Sozial-Landesrätin Birgit Gerstorfer zu Gast in der Lebenshilfe-Werkstätte Linz 2

von Lebenshilfe Oberösterreich (Kommentare: 0)

Birgit Gerstorfer, Werkstättenleiter Willi Weber und Sanela Stojanovic´
Kerstin Holy, Christoph Simlinger und Birgit Gerstorfer

Sozial-Landesrätin Birgit Gerstorfer stattete am 27. Juli 2020 der Lebenshilfe-Werkstätte Linz 2 in der Salzburgerstraße einen spontanen Besuch ab. Die Klienten der Lebenshilfe nutzten die Gelegenheit, um ihre dringendsten Anliegen direkt an die Politik zu richten.

Die Lebenshilfe Oberösterreich unterstützt die Selbstbestimmung von Menschen mit Beeinträchtigung. Daher befragten die Klienten Birgit Gerstorfer gleich selbst. Vanessa Geissler erzählte davon, wie sie die Zeit während des Corona-Lockdown erlebt hat. „Schwierig war das Daheimbleiben. Und besonders die Ungewissheit, wann und wie das Virus in den Griff zu bekommen ist, da meine Mutter auch zur Risikogruppe gehört“, sagt sie und richtet gleich zur Gegenfrage an die Landesrätin: „Was haben Sie in dieser Zeit gemacht?“ Gleich meldet sich Christoph Simlinger, er erzählt der Politikerin viel über seine integrative Beschäftigung bei der Linzer Firma Schachermayer: „Wir sind ein Team und gerne dort, mir hat es gar nicht gefallen nicht arbeiten zu können. Noch einmal eine Sperre wäre für mich unerträglich. Ich habe niemanden mehr. Mir ist es wichtig, dass ich hier sein und arbeiten gehen kann.“, schildert Christoph Simlinger die Zeit, als auch die Werkstätten geschlossen waren.
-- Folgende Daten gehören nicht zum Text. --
(* Let $x,y\in\mathbb{B}^2\setminus\{0\}$ be such that $0,x,y$ are noncollinear and $|x|\ne|y|$. Let $S^1(a,r_a)$ be the circle through $x,y,x^*,y^*$, where $a=i\frac{y(1+|x|^2)-x(1+|y|^2)}{2(x_2y_1-x_1y_2)}$, $r_a=\frac{|x-y|\,\big|x|y|^2-y\big|}{2|y||x_1y_2-x_2y_1|}$ (with $x=x_1+ix_2$, $y=y_1+iy_2$); it is orthogonal to $S^1$. Let $\{x_*,y_*\}=S^1\cap S^1(a,r_a)$, labelled so that $x_*,x,y,y_*$ occur in this order on the arc of $S^1(a,r_a)$ inside $\overline{\mathbb{B}^2}$. Let $w=L(x,y)\cap L(x^*,y^* )$, $u=L(x,y^* )\cap L(y,x^* )$, $v=L(x,x_* )\cap L(y,y_* )$, $s=L(x,y_* )\cap L(y,x_* )$, $t=L(x_*,y^* )\cap L(y_*,x^* )$, $k=L(x_*,x^* )\cap L(y_*,y^* )$. Let $S^1(w,r_w)$ be the circle centred at $w$ orthogonal to $S^1(a,r_a)$, and let $z$ be the point of $S^1(w,r_w)\cap S^1(a,r_a)$ in $\mathbb{B}^2$. Then: (1) the circle $S^1(w,r_w)$ is orthogonal to $S^1$, $z$ is the hyperbolic midpoint of the hyperbolic segment $J[x,y]$, and $$w=\frac{y(1-|x|^2)-x(1-|y|^2)}{|y|^2-|x|^2},\qquad r_w=\frac{|x-y|\sqrt{(1-|x|^2)(1-|y|^2)}}{\big||y|^2-|x|^2\big|};$$ (2) the points $v,s,t,k$ lie on the line $L(0,z)$, and $u$ is the intersection point of the lines $L(0,z)$ and $L(x_*,y_* )$, where $$u=\frac{y(1-|x|^2)+x(1-|y|^2)}{1-|x|^2|y|^2}.$$
   Context: $\mathbb{B}^2$ is the unit disk, $S^1$ the unit circle, $S^1(c,r)$ the circle with centre $c$ and radius $r$, $L(p,q)$ the line through $p,q$. For $x\ne0$, $x^*=x/|x|^2$ is the inversion of $x$ in $S^1$. Points are identified with complex numbers. The hyperbolic distance on $\mathbb{B}^2$ satisfies $\sinh\frac{\rho(x,y)}{2}=\frac{|x-y|}{\sqrt{1-|x|^2}\sqrt{1-|y|^2}}$; $J[x,y]$ is the arc of $S^1(a,r_a)$ between $x$ and $y$, and its hyperbolic midpoint is the $z\in J[x,y]$ with $\rho(x,z)=\rho(z,y)$. *)

From Stdlib Require Import Reals.
From Coquelicot Require Export Coquelicot.
Open Scope R_scope.

Definition re (p : C) : R := fst p.
Definition im (p : C) : R := snd p.

Definition inv_pt (p : C) : C := (p / RtoC (Cmod p ^ 2))%C.

Definition cross (p q : C) : R := re p * im q - im p * re q.

Definition on_line (p q z : C) : Prop := cross (q - p)%C (z - p)%C = 0.

Definition on_circle (c : C) (r : R) (z : C) : Prop := Cmod (z - c)%C = r.

Definition orthogonal (c1 : C) (r1 : R) (c2 : C) (r2 : R) : Prop :=
  Cmod (c1 - c2)%C ^ 2 = r1 ^ 2 + r2 ^ 2.

Definition arsinh (t : R) : R := ln (t + sqrt (t ^ 2 + 1)).

(* hyperbolic distance on the unit disk:
   sinh (rho(x,y)/2) = |x-y| / (sqrt(1-|x|^2) sqrt(1-|y|^2)) *)
Definition hdist (x y : C) : R :=
  2 * arsinh (Cmod (x - y)%C / (sqrt (1 - Cmod x ^ 2) * sqrt (1 - Cmod y ^ 2))).

(* the centre a and radius r_a of the circle through x, y, x*, y* *)
Definition center_a (x y : C) : C :=
  (Ci * (y * RtoC (1 + Cmod x ^ 2) - x * RtoC (1 + Cmod y ^ 2))
     / RtoC (2 * (im x * re y - re x * im y)))%C.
Es gelten immer noch strenge Vorsichtsmaßnahmen, gerade zu der Zeit, in der immer wieder von Corona-Clustern zu hören ist. Der Leiter der Werkstätte, Willi Weber, ermuntert seine Beschäftigten sich besonders auf die angenehmen Dinge wie verschiedenste Feiern, auf die Bauchtanz- und Yogastunden zu freuen und versichert, dass auch das von den Beschäftigten geliebte Mittwochscafé wieder stattfinden wird, sobald es die Situation zulässt. „Der Besuch von Birgit Gerstorfer hat uns alle sehr gefreut. Denn es war kurzweilig und angenehm und die Beschäftigten hatten viel Zeit, um ihre Fragen zu stellen.“, so der Leiter der Werkstätte Willi Weber.

Weiteren Lockdown um jeden Preis verhindern

Keinen Lockdown mehr – so lautet der allgemeine Tenor der Beschäftigten der Werkstätte in der Salzburgerstraße in Linz. Das tägliche Verrichten von Arbeit ermöglicht Menschen mit Beeinträchtigung selbstbestimmt zu sein und inkludiert sie in die Gesellschaft. Eine Schließung hat auf ihre Freizeitaktivitäten, auf berufliche Ambitionen und ihre Mobilität erheblichen Einfluss, da sie auf die Unterstützung anderer angewiesen sind. Sie würden sonst noch mehr in ein stark eingeschränktes soziales Umfeld gedrängt. Wie das verhindert werden könnte, war die bedeutendste Frage der meisten Beschäftigten an Birgit Gerstorfer: „Wir haben aus dem ersten Lockdown viel gelernt. Was die Schutzmaßnahmen betrifft, haben wir einen Mehrstufen-Plan erarbeitet. Wir können künftig viel schneller, regionaler und effizienter reagieren und so flächendeckende Schließungen verhindern. Ich bin froh, dass es bisher kaum Covid-19-Fälle in den Einrichtungen der Behindertenhilfe in Oberösterreich gegeben hat. Leider ist das Virus aber noch immer unter uns, daher müssen wir gewisse Vorsichtsmaßnahmen wohl noch länger beibehalten“, antwortete darauf die Sozial-Landesrätin.

Bild 1: Vanessa Geissler verabschiedet Birgit Gerstorfer „coronakonform“.

Bild 2: Sozial-Landesrätin Birgit Gerstorfer und Werkstättenleiter Willi Weber mit Sanela Stojanovic´ im Gespräch mit den Beschäftigten der Werkstätte der Lebenshilfe Linz 2.

Bild 3: Kerstin Holy und Christoph Simlinger sind beide beim Familienunternehmen Schachermayer in Linz integrativ beschäftigt.